Study material
Lemma ord2P (i : 'I_2) : i = 0 \/ i = 1.
Proof. by case: i => [[|[|//]] Hi]; [left|right]; apply: val_inj. Qed.

Lemma sum_ord2 (F : 'I_2 -> R) : \sum_(i < 2) F i = F 0 + F 1.
Proof. by rewrite big_ord_recl big_ord1; congr (F _ + F _); apply: val_inj. Qed.

Lemma eq_mx2 A B : A 0 0 = B 0 0 -> A 0 1 = B 0 1 -> A 1 0 = B 1 0 ->
  A 1 1 = B 1 1 -> A = B.
Proof.
move=> e00 e01 e10 e11; apply/matrixP => i j.
by case: (ord2P i) => ->; case: (ord2P j) => ->.
Qed.

Lemma eq_cv2 x y : x 0 0 = y 0 0 -> x 1 0 = y 1 0 -> x = y.
Proof.
by move=> e0 e1; apply/matrixP => i j; rewrite (ord1 j); case: (ord2P i) => ->.
Qed.

Lemma mulmx2E m n (A : 'M[R]_(m, 2)) (B : 'M[R]_(2, n)) i j :
  (A *m B) i j = A i 0 * B 0 j + A i 1 * B 1 j.
Proof. by rewrite mxE sum_ord2. Qed.

Lemma mul_col_trmxE x y i j : (x *m y^T) i j = x i 0 * y j 0.
Proof. by rewrite mxE big_ord1 mxE. Qed.

Lemma mxtrace2 A : \tr A = A 0 0 + A 1 1.
Proof. by rewrite /mxtrace sum_ord2. Qed.

Lemma det_mx2 A : \det A = A 0 0 * A 1 1 - A 0 1 * A 1 0.
Proof.
rewrite (expand_det_row _ 0) big_ord_recl big_ord1 /cofactor !det_mx11 !mxE /=.
rewrite expr0 expr1 mul1r mulN1r mulrN.
by congr (_ * A _ _ - A _ _ * A _ _); apply: val_inj.
Qed.

Lemma mx2_cayley_hamilton L : L * L - \tr L *: L + (\det L)%:M = 0.
Proof.
by apply: eq_mx2; rewrite mxtrace2 det_mx2 !mxE !sum_ord2 /=; ring.
Qed.

Lemma mx2_mul_sub_scalar L a b :
  (L - b%:M) * (L - a%:M) = L * L - (a + b) *: L + (a * b)%:M.
Proof. by apply: eq_mx2; rewrite !mxE !sum_ord2 !mxE /=; ring. Qed.

Lemma mx2_root_factor L a b : a + b = \tr L -> a * b = \det L ->
  (L - b%:M) * (L - a%:M) = 0.
Proof. by move=> hs hp; rewrite mx2_mul_sub_scalar hs hp mx2_cayley_hamilton. Qed.
Definition cross2 (x z : 'cV[R]_2) : R := x 0 0 * z 1 0 - x 1 0 * z 0 0.

Lemma cross2DZl (a b : R) x z t :
  cross2 (a *: x + b *: z) t = a * cross2 x t + b * cross2 z t.
Proof. by rewrite /cross2 !mxE; ring. Qed.

End TwoByTwo.

Section OuterSum.
Variables (R : comNzRingType) (K : finType) (c : K -> R) (y : K -> 'cV[R]_2).

Definition outer_sum : 'M[R]_2 := \sum_k c k *: (y k *m (y k)^T).

Lemma outer_sum_tr : outer_sum^T = outer_sum.
Proof.
by rewrite /outer_sum linear_sum; apply: eq_bigr => k _; rewrite linearZ /= trmx_mul trmxK.
Qed.

Lemma outer_sumE i j : outer_sum i j = \sum_k c k * (y k i 0 * y k j 0).
Proof. by rewrite /outer_sum summxE; apply: eq_bigr => k _; rewrite mxE mul_col_trmxE. Qed.

Lemma mxtrace_outer_sum : \tr outer_sum = \sum_k c k * ((y k)^T *m y k) 0 0.
Proof.
rewrite /outer_sum raddf_sum /=; apply: eq_bigr => k _.
by rewrite mxtraceZ mxtrace_mulC trace_mx11.
Qed.
(* An atom A and a fragment F of excess kappa that meet cannot have AD u FD
   covering K: K \ FD would be a fragment of excess kappa inside AD \ (A n F)D,
   of size at most |A| - |A n F| < |A|. *)
Lemma atom_fragment_no_cover s (A F : set) : atom s A -> fragment s F -> excess s F = kappa ->
  (exists x, A x /\ F x) -> (forall k, K k -> setmul A (side s) k \/ setmul F (side s) k) ->
  False.
Proof.
  intros [cA [vA minA]] cF vF [y Iy] cover.
  set (I := fun z => A z /\ F z).
  assert (cI : fragment s I) by (apply fragment_inter; [exact cA | exists y; exact Iy]).
  pose proof (kappa_min s I cI) as vI.
  pose proof cA as [FA _]. pose proof cF as [FF _].
  assert (FK : finite_set K).
  { apply (sub_finite _ _ (mul_side_finite s _ (proj1 (card_union A F FA FF)))).
    intros k Kk. rewrite setmul_union. auto. }
  destruct (dual_fragment s F FK cF) as [cFs vFs].
  pose proof (kappa_min _ _ cFs).
  pose proof (minA _ _ cFs ltac:(lia)) as AFs.
  assert (C : card (fun y => K y /\ ~ setmul F (side s) y) + card (setmul I (side s)) <=
              card (setmul A (side s))).
  { apply card_disj_sub; [apply mul_side_finite, FA | | |].
    - intros z [Kz nz]. destruct (cover z Kz); tauto.
    - intros w [z [d [[Az _] [Dd ->]]]]. exists z, d. auto.
    - intros w [_ nw] [z [d [[_ Fz] [Dd ->]]]]. apply nw. exists z, d. auto. }
  pose proof (card_pos I y (proj1 cI) Iy).
  pose proof (card_le_mul_side s I (proj1 cI)). unfold excess in *. lia.
Qed.
(* Consider the algorithm CAB described in the context, and suppose that for all users $i\in\mathcal U$, all $\boldsymbol{x}\in\mathbb R^d$ and all $s\ge0$, $|\boldsymbol{w}_{i,s}^\top\boldsymbol{x}-\boldsymbol{u}_i^\top\boldsymbol{x}|\le\mathrm{CB}_{i,s}(\boldsymbol{x})$. Let $t\le T$ and let $\boldsymbol{x}_t^*\in\arg\max_{\boldsymbol{x}\in C_t}\boldsymbol{u}_{i_t}^\top\boldsymbol{x}$. Then the instantaneous regret of CAB at round $t$ satisfies \[ r_t\le(3\alpha(T)+2)\Big(\mathbf 1\{\widehat N_{i_t,t}(\boldsymbol{x}_t^* )\ne N_{i_t}(\boldsymbol{x}_t^* )\}+\mathbf 1\{\widehat N_{i_t,t}(\bar{\boldsymbol{x}}_t)\ne N_{i_t}(\bar{\boldsymbol{x}}_t)\}\Big)+2\,\mathrm{CB}_{N_{i_t}(\bar{\boldsymbol{x}}_t),t-1}(\bar{\boldsymbol{x}}_t). \]
   Context: Model. Users $\mathcal U=\{1,\dots,n\}$ with unknown unit vectors $\boldsymbol{u}_i\in\mathbb R^d$; $N_i(\boldsymbol{x})=\{j:\boldsymbol{u}_j^\top\boldsymbol{x}=\boldsymbol{u}_i^\top\boldsymbol{x}\}$. At round $t$ the learner receives $i_t$ and $C_t=\{\boldsymbol{x}_{t,1},..,\boldsymbol{x}_{t,c_t}\}$ with $\|\boldsymbol{x}_{t,k}\|\le1$, picks $\bar{\boldsymbol{x}}_t\in C_t$, observes $y_t\in[-1,1]$. Regret $r_t=\max_{\boldsymbol{x}\in C_t}\boldsymbol{u}_{i_t}^\top\boldsymbol{x}-\boldsymbol{u}_{i_t}^\top\bar{\boldsymbol{x}}_t$. Algorithm CAB (parameters $\gamma>0$, positive nondecreasing function $\alpha$). Initialize $\boldsymbol{b}_{i,0}=\boldsymbol0$, $M_{i,0}=I_d$; $\boldsymbol{w}_{i,s}=M_{i,s}^{-1}\boldsymbol{b}_{i,s}$, $\mathrm{CB}_{i,s}(\boldsymbol{x})=\alpha(s)\sqrt{\boldsymbol{x}^\top M_{i,s}^{-1}\boldsymbol{x}}$; for nonempty $N\subseteq\mathcal U$, $\boldsymbol{w}_{N,s}=\frac1{|N|}\sum_{j\in N}\boldsymbol{w}_{j,s}$, $\mathrm{CB}_{N,s}(\boldsymbol{x})=\frac1{|N|}\sum_{j\in N}\mathrm{CB}_{j,s}(\boldsymbol{x})$. At round $t$, for any $\boldsymbol{x}$ the estimated neighborhood is $\widehat N_{i_t,t}(\boldsymbol{x})=\{j:|\boldsymbol{w}_{i_t,t-1}^\top\boldsymbol{x}-\boldsymbol{w}_{j,t-1}^\top\boldsymbol{x}|\le\mathrm{CB}_{i_t,t-1}(\boldsymbol{x})+\mathrm{CB}_{j,t-1}(\boldsymbol{x})\}$; CAB chooses $\bar{\boldsymbol{x}}_t=\boldsymbol{x}_{t,k_t}$ with $k_t\in\arg\max_k(\boldsymbol{w}_{\widehat N_{i_t,t}(\boldsymbol{x}_{t,k}),t-1}^\top\boldsymbol{x}_{t,k}+\mathrm{CB}_{\widehat N_{i_t,t}(\boldsymbol{x}_{t,k}),t-1}(\boldsymbol{x}_{t,k}))$. Update: if $\mathrm{CB}_{i_t,t-1}(\bar{\boldsymbol{x}}_t)\ge\gamma/4$, only user $i_t$ is updated by $M\leftarrow M+\bar{\boldsymbol{x}}_t\bar{\boldsymbol{x}}_t^\top$, $\boldsymbol b\leftarrow\boldsymbol b+y_t\bar{\boldsymbol{x}}_t$; otherwise this update is applied to every $j\in\widehat N_{i_t,t}(\bar{\boldsymbol{x}}_t)$ with $\mathrm{CB}_{j,t-1}(\bar{\boldsymbol{x}}_t)<\gamma/4$; others unchanged. *)

From mathcomp Require Import all_boot all_order all_algebra.
Set Implicit Arguments. Unset Strict Implicit. Unset Printing Implicit Defensive.
Import Order.TTheory GRing.Theory Num.Theory.
Local Open Scope ring_scope.

(* An instance of the problem + a run of CAB: parameters alpha, gamma,
   the unknown user vectors u_i, the served user i_t, the context sets C_t,
   the observed rewards y_t and the chosen items xbar_t (rounds t = 1, 2, ...). *)
Record cab_inst (R : rcfType) (d n : nat) := CabInst {
  alpha  : nat -> R;
  gamma  : R;
  uvec   : 'I_n -> 'cV[R]_d;
  user   : nat -> 'I_n;
  ctx    : nat -> seq 'cV[R]_d;
  obs    : nat -> R;
  choice : nat -> 'cV[R]_d }.

Section CAB.
Variables (R : rcfType) (d n : nat) (E : cab_inst R d n).

Definition dotv (u x : 'cV[R]_d) : R := (u^T *m x) 0 0.

(* per-user statistics (M_i, b_i) *)
Definition cstate := 'I_n -> 'M[R]_d * 'cV[R]_d.

Definition west (st : cstate) (j : 'I_n) : 'cV[R]_d := invmx (st j).1 *m (st j).2.

Definition CBst (st : cstate) (s : nat) (j : 'I_n) (x : 'cV[R]_d) : R :=
  alpha E s * Num.sqrt ((x^T *m invmx (st j).1 *m x) 0 0).

Definition Nhatst (st : cstate) (s : nat) (i : 'I_n) (x : 'cV[R]_d) : {set 'I_n} :=
  [set j | `|dotv (west st i) x - dotv (west st j) x| <= CBst st s i x + CBst st s j x].

Definition upd (t : nat) (prev : cstate) (j : 'I_n) : bool :=
  let x := choice E t in
  let i := user E t in
  if gamma E / 4%:R <= CBst prev t.-1 i x then j == i
  else (j \in Nhatst prev t.-1 i x) && (CBst prev t.-1 j x < gamma E / 4%:R).

Fixpoint state (s : nat) : cstate :=
  match s with
  | 0 => fun _ => (1%:M, 0)
  | s'.+1 => fun j =>
      let prev := state s' in
      if upd s'.+1 prev j then
        ((prev j).1 + choice E s'.+1 *m (choice E s'.+1)^T,
         (prev j).2 + obs E s'.+1 *: choice E s'.+1)
      else prev j
  end.

Definition w (s : nat) (j : 'I_n) : 'cV[R]_d := west (state s) j.
Definition CB (s : nat) (j : 'I_n) (x : 'cV[R]_d) : R := CBst (state s) s j x.

Definition wN (s : nat) (N : {set 'I_n}) : 'cV[R]_d :=
  (#|N|%:R)^-1 *: \sum_(j in N) w s j.
Definition CBN (s : nat) (N : {set 'I_n}) (x : 'cV[R]_d) : R :=
  (#|N|%:R)^-1 * \sum_(j in N) CB s j x.

Definition Nhat (t : nat) (x : 'cV[R]_d) : {set 'I_n} :=
  Nhatst (state t.-1) t.-1 (user E t) x.

Definition Ntrue (i : 'I_n) (x : 'cV[R]_d) : {set 'I_n} :=
  [set j | dotv (uvec E j) x == dotv (uvec E i) x].

Definition score (t : nat) (x : 'cV[R]_d) : R :=
  dotv (wN t.-1 (Nhat t x)) x + CBN t.-1 (Nhat t x) x.

End CAB.

From mathcomp Require Import all_boot all_order all_algebra.
From mathcomp Require Import ring lra.
Set Implicit Arguments. Unset Strict Implicit. Unset Printing Implicit Defensive.
Import Order.TTheory GRing.Theory Num.Theory.
Local Open Scope ring_scope.

(* If both neighbourhoods are estimated correctly, the confidence bounds make
   the averaged UCB score an optimistic estimate within [2 CB_N] of the true
   reward, so maximising the score loses at most [2 CB_N(xbar)]. Otherwise the
   regret is at most 2, because all vectors have norm at most one, and this is
   absorbed by the constant [3 alpha(T) + 2]. *)

Lemma dotvE (R : rcfType) (d : nat) (u x : 'cV[R]_d) :
  dotv u x = \sum_k u k 0 * x k 0.
Proof. by rewrite /dotv !mxE; apply: eq_bigr => k _; rewrite !mxE. Qed.

Lemma dotvZ (R : rcfType) (d : nat) (a : R) (u x : 'cV[R]_d) :
  dotv (a *: u) x = a * dotv u x.
Proof. by rewrite !dotvE mulr_sumr; apply: eq_bigr => k _; rewrite !mxE mulrA. Qed.

Lemma dotv_sum (R : rcfType) (d : nat) (I : finType) (P : {pred I})
    (f : I -> 'cV[R]_d) (x : 'cV[R]_d) :
  dotv (\sum_(j in P) f j) x = \sum_(j in P) dotv (f j) x.
Proof.
rewrite dotvE; under eq_bigr => k _ do rewrite summxE mulr_suml.
by rewrite exchange_big; apply: eq_bigr => j _; rewrite dotvE.
Qed.

Lemma dotv_AMGM (R : rcfType) (d : nat) (u x : 'cV[R]_d) (c : R) :
  c ^+ 2 = 1 -> 2%:R * c * dotv u x <= dotv u u + dotv x x.
Proof.
move=> c2; rewrite -subr_ge0.
have -> : dotv u u + dotv x x - 2%:R * c * dotv u x =
          \sum_k (u k 0 - c * x k 0) ^+ 2.
  rewrite !dotvE mulr_sumr -big_split /= -sumrB; apply: eq_bigr => k _.
  by rewrite sqrrB exprMn c2 mul1r -mulr_natl; ring.
by apply: sumr_ge0 => k _; apply: sqr_ge0.
Qed.

Lemma norm_dotv_le1 (R : rcfType) (d : nat) (u x : 'cV[R]_d) :
  dotv u u = 1 -> dotv x x <= 1 -> `|dotv u x| <= 1.
Proof.
move=> u1 x1; have := dotv_AMGM u x (expr1n _ 2).
have := dotv_AMGM u x (_ : (-1) ^+ 2 = 1 :> R).
rewrite sqrrN expr1n u1 => /(_ erefl) hN hP.
rewrite ler_norml; lra.
Qed.

Lemma ler_norm_mean (R : rcfType) (I : finType) (A : {set I}) (f g : I -> R) (c : R) :
  (0 < #|A|)%N -> (forall j, j \in A -> `|f j - c| <= g j) ->
  `|(#|A|%:R)^-1 * \sum_(j in A) f j - c| <= (#|A|%:R)^-1 * \sum_(j in A) g j.
Proof.
move=> A_gt0 fg; have cardA_gt0 : 0 < (#|A|%:R : R) by rewrite ltr0n.
have -> : (#|A|%:R)^-1 * \sum_(j in A) f j - c =
          (#|A|%:R)^-1 * \sum_(j in A) (f j - c).
  by rewrite sumrB sumr_const -mulr_natr; field; rewrite gt_eqF.
rewrite normrM ger0_norm ?invr_ge0 ?ler0n // ler_pM2l ?invr_gt0 //.
by apply: le_trans (ler_norm_sum _ _ _) (ler_sum _ fg).
Qed.

Section ClusterEstimates.
Variables (R : rcfType) (d n : nat) (E : cab_inst R d n).
Hypothesis alpha_ge0 : forall s, 0 <= alpha E s.
Hypothesis w_conf : forall (i : 'I_n) (x : 'cV[R]_d) (s : nat),
  `|dotv (w E s i) x - dotv (uvec E i) x| <= CB E s i x.

Lemma CB_ge0 s j x : 0 <= CB E s j x.
Proof. exact: mulr_ge0 (alpha_ge0 s) (sqrtr_ge0 _). Qed.

Lemma CBN_ge0 s N x : 0 <= CBN E s N x.
Proof.
by apply: mulr_ge0; [rewrite invr_ge0 ler0n | apply: sumr_ge0 => j _; apply: CB_ge0].
Qed.

Lemma Ntrue_gt0 i x : (0 < #|Ntrue E i x|)%N.
Proof. by apply/card_gt0P; exists i; rewrite inE. Qed.

Lemma wN_conf s i x :
  `|dotv (wN E s (Ntrue E i x)) x - dotv (uvec E i) x|
    <= CBN E s (Ntrue E i x) x.
Proof.
rewrite /wN /CBN dotvZ dotv_sum; apply: ler_norm_mean => [|j]; first exact: Ntrue_gt0.
by rewrite inE => /eqP <-; apply: w_conf.
Qed.

Lemma score_Ntrue t x : Nhat E t x = Ntrue E (user E t) x ->
  dotv (uvec E (user E t)) x <= score E t x <=
  dotv (uvec E (user E t)) x + 2%:R * CBN E t.-1 (Ntrue E (user E t) x) x.
Proof.
rewrite /score => ->; have := wN_conf t.-1 (user E t) x.
by rewrite ler_norml => /andP[lo hi]; apply/andP; split; lra.
Qed.

End ClusterEstimates.

Theorem lemma4 (R : rcfType) (d n : nat) (E : cab_inst R d n)
  (Hgamma : 0 < gamma E)
  (Halpha_pos : forall s, 0 < alpha E s)
  (Halpha_mono : forall s s', (s <= s')%N -> alpha E s <= alpha E s')
  (Hu : forall i, dotv (uvec E i) (uvec E i) = 1)
  (Hctx : forall s, (0 < s)%N ->
     ctx E s != [::] /\ (forall x, x \in ctx E s -> dotv x x <= 1))
  (Hobs : forall s, (0 < s)%N -> -1 <= obs E s <= 1)
  (Hchoice : forall s, (0 < s)%N ->
     choice E s \in ctx E s /\
     (forall x, x \in ctx E s -> score E s x <= score E s (choice E s)))
  (Hconf : forall (i : 'I_n) (x : 'cV[R]_d) (s : nat),
     `|dotv (w E s i) x - dotv (uvec E i) x| <= CB E s i x)
  (t T : nat) (Ht : (1 <= t <= T)%N)
  (xstar : 'cV[R]_d) (Hxs : xstar \in ctx E t)
  (Hmax : forall x, x \in ctx E t ->
     dotv (uvec E (user E t)) x <= dotv (uvec E (user E t)) xstar) :
  dotv (uvec E (user E t)) xstar - dotv (uvec E (user E t)) (choice E t)
  <= (3%:R * alpha E T + 2%:R) *
       ((Nhat E t xstar != Ntrue E (user E t) xstar)%:R
        + (Nhat E t (choice E t) != Ntrue E (user E t) (choice E t))%:R)
     + 2%:R * CBN E t.-1 (Ntrue E (user E t) (choice E t)) (choice E t).
Proof.
have t_gt0 : (0 < t)%N by case/andP: Ht.
have [xb_ctx score_max] := Hchoice t t_gt0.
have alpha_ge0 s : 0 <= alpha E s by apply: ltW.
set i := user E t; set xb := choice E t.
have regret_le2 : dotv (uvec E i) xstar - dotv (uvec E i) xb <= 2%:R.
  have [_ ctx_norm] := Hctx t t_gt0.
  have := norm_dotv_le1 (Hu i) (ctx_norm _ Hxs).
  have := norm_dotv_le1 (Hu i) (ctx_norm _ xb_ctx).
  by rewrite !ler_norml => /andP[? ?] /andP[? ?]; lra.
have CBN0 := CBN_ge0 alpha_ge0 t.-1 (Ntrue E i xb) xb.
have aT := Halpha_pos T.
have [hat_xs|_] := eqVneq (Nhat E t xstar) (Ntrue E i xstar); last first.
  by case: (_ != _); rewrite /= ?mulr1 ?addr0; nra.
have [hat_xb|_] := eqVneq (Nhat E t xb) (Ntrue E i xb); last first.
  by rewrite /= add0r mulr1; nra.
rewrite /= addr0 mulr0 add0r.
have /andP[opt _] := score_Ntrue Hconf hat_xs.
have /andP[_ close] := score_Ntrue Hconf hat_xb.
have := score_max _ Hxs; lra.
Qed.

What to do
Of all the entries above, output exactly the lines between the one holding "pose proof (kappa_min s I cI) as vI." and the one holding "card (setmul A (side s))).", inclusive.

Exercise result
  pose proof (kappa_min s I cI) as vI.
  pose proof cA as [FA _]. pose proof cF as [FF _].
  assert (FK : finite_set K).
  { apply (sub_finite _ _ (mul_side_finite s _ (proj1 (card_union A F FA FF)))).
    intros k Kk. rewrite setmul_union. auto. }
  destruct (dual_fragment s F FK cF) as [cFs vFs].
  pose proof (kappa_min _ _ cFs).
  pose proof (minA _ _ cFs ltac:(lia)) as AFs.
  assert (C : card (fun y => K y /\ ~ setmul F (side s) y) + card (setmul I (side s)) <=
              card (setmul A (side s))).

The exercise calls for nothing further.